The Tooting Trolley
At the foot of the Mud Island bridge runs a trolley. The trolley is painted a happy yellow and green. It toots across the street like a toy. But every day, when the trolley is approaching and the caution arm descending, people veer around the arm and scoot cross the track. This is the level of our collective sophistication: trying to “beat the trolley.”
In 1960, on a cold December night in Colorado Springs, my father was killed trying to beat the train. He was in a hurry, he had places to go. Only a short time before, the Western Slope of Colorado had been working alive with the uranium boom. That time had passed, but my dad still pursued uranium business on the Slope, still worked uranium leases. So when the red lights flashed, telling him to wait, he sped up instead.

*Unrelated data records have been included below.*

Definition is_Uminus (c1 c2 c3 : R) (U : R -> R) : Prop :=
  is_C1_sol c1 c2 c3 U /\
  exists (d : R) (b : nat -> R), 0 < d /\ b O = tau1' c2 /\
    forall x, 1 - d < x < 1 -> is_pseries b (1 - x) (U x).

(** Write the equation as [U' = F(x, U)] with
    [F(x, u) = (P_c(x) - 2 x u - u^2 / 2) / (1 - x^2)].  The difference of two solutions
    satisfies a linear equation with locally bounded coefficient, so by Gronwall two
    solutions that meet coincide, and distinct solutions are strictly ordered.

    Near [x = -1], [(1 - x^2) F(x, u) = -(u - tau1)(u - tau2) / 2 + O(1 + x)]: the factor
    [1 / (1 + x)] makes the flow, followed backwards to [-1], leave [tau2] and fall onto
    [tau1] at a non-integrable rate.  If [U > U^+ = tau2 + O(1 + x)], then
    [e^(B x) / (U - U^+)] is bounded above by [C + k ln (1 + x)] and so becomes negative.
    If [U < U^+], then [U] first separates from [U^+] by a fixed amount, after which it is
    trapped in [(tau1 - eps, tau1 + eps)] near [-1].

    The endpoint [x = 1] follows from the symmetry [x -> -x, U -> -U(-x)], which exchanges
    [c1] and [c2] and turns [U^-] into a solution of the same kind as [U^+]. *)

From Stdlib Require Import Reals Lra Classical.
From Coquelicot Require Import Coquelicot.
Open Scope R_scope.

Lemma is_derive_continuity_pt (f : R -> R) x l : is_derive f x l -> continuity_pt f x.
Proof.
  intros H. apply continuity_pt_filterlim. apply (ex_derive_continuous f). now exists l.
Qed.

Lemma continuity_pt_ball (f : R -> R) z eps : continuity_pt f z -> 0 < eps ->
  exists d, 0 < d /\ forall w, Rabs (w - z) < d -> Rabs (f w - f z) < eps.
Proof.
  intros H Heps. apply continuity_pt_filterlim in H.
  destruct (proj1 (filterlim_locally f (f z)) H (mkposreal eps Heps)) as [d Hd].
  exists d. split; [apply cond_pos | intros w Hw; apply (Hd w), Hw].
Qed.

Lemma continuity_bounded (f : R -> R) a b : a <= b ->
  (forall x, a <= x <= b -> continuity_pt f x) ->
  exists K, forall x, a <= x <= b -> Rabs (f x) <= K.
Proof.
  intros Hab Hc.
  destruct (continuity_ab_maj (fun x => Rabs (f x)) a b Hab) as [xM [HM _]].
  - intros x Hx. apply (continuity_pt_comp f Rabs), Rcontinuity_abs. auto.
  - exists (Rabs (f xM)). exact HM.
Qed.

Three years old at the time, crazy about my Daddy Joe, I was traumatized by his death. The experts actually call it “traumatic bereavement.” When death is sudden and violent, the horror of it all trumps the grief. The little girl is afraid to think about her Daddy Joe – hit by a train! – just as sure as she’s drawn to the lonesome whistle whine.
Before I understood the effects of traumatic grief, I would feel guilty when I reacted in kinship with the passing train. How could I love this roaring monster that killed my dad? Now I know: we love that which is left for us to love. So I wrote a novel, TRACKING HAPPINESS: A SOUTHERN CHICKEN ADVENTURE, where the protagonist is a young women on a cross-country train trip coming to terms with the grief of losing her dad. It’s funny, this novel. But most things serious are.
So when folks look left and right, then scoot around the trolley arm, I wonder: what would your family think if you didn’t make it across? What if their grief was symbolized by a yellow and green toy trolley? Hit by the trolley! You can’t get much sillier than that.
Slow down. Wait. Lose your impatience. Don’t let death laugh at your passing.
2018 Summer Novels, cross country train trip, Funny novels 2018, Southern fiction, Summer beach reads, Summer reading 2018, Tracking Happiness: A Southern Chicken Adventure, Traumatic grief
derrick knight
Truly traumatic. My first wife died when our son was 14 months old. He had no words to explain why he wandered around at night
Ellen Morris Prewitt
This makes me grieve for your son though I don’t know him and ’twas a long time ago. When my grandsons were 3, I looked at their adoration of their parents and wondered how anyone could believe a child is “too young” to know what it means to lose a parent. But, of course, my eyes were open for it.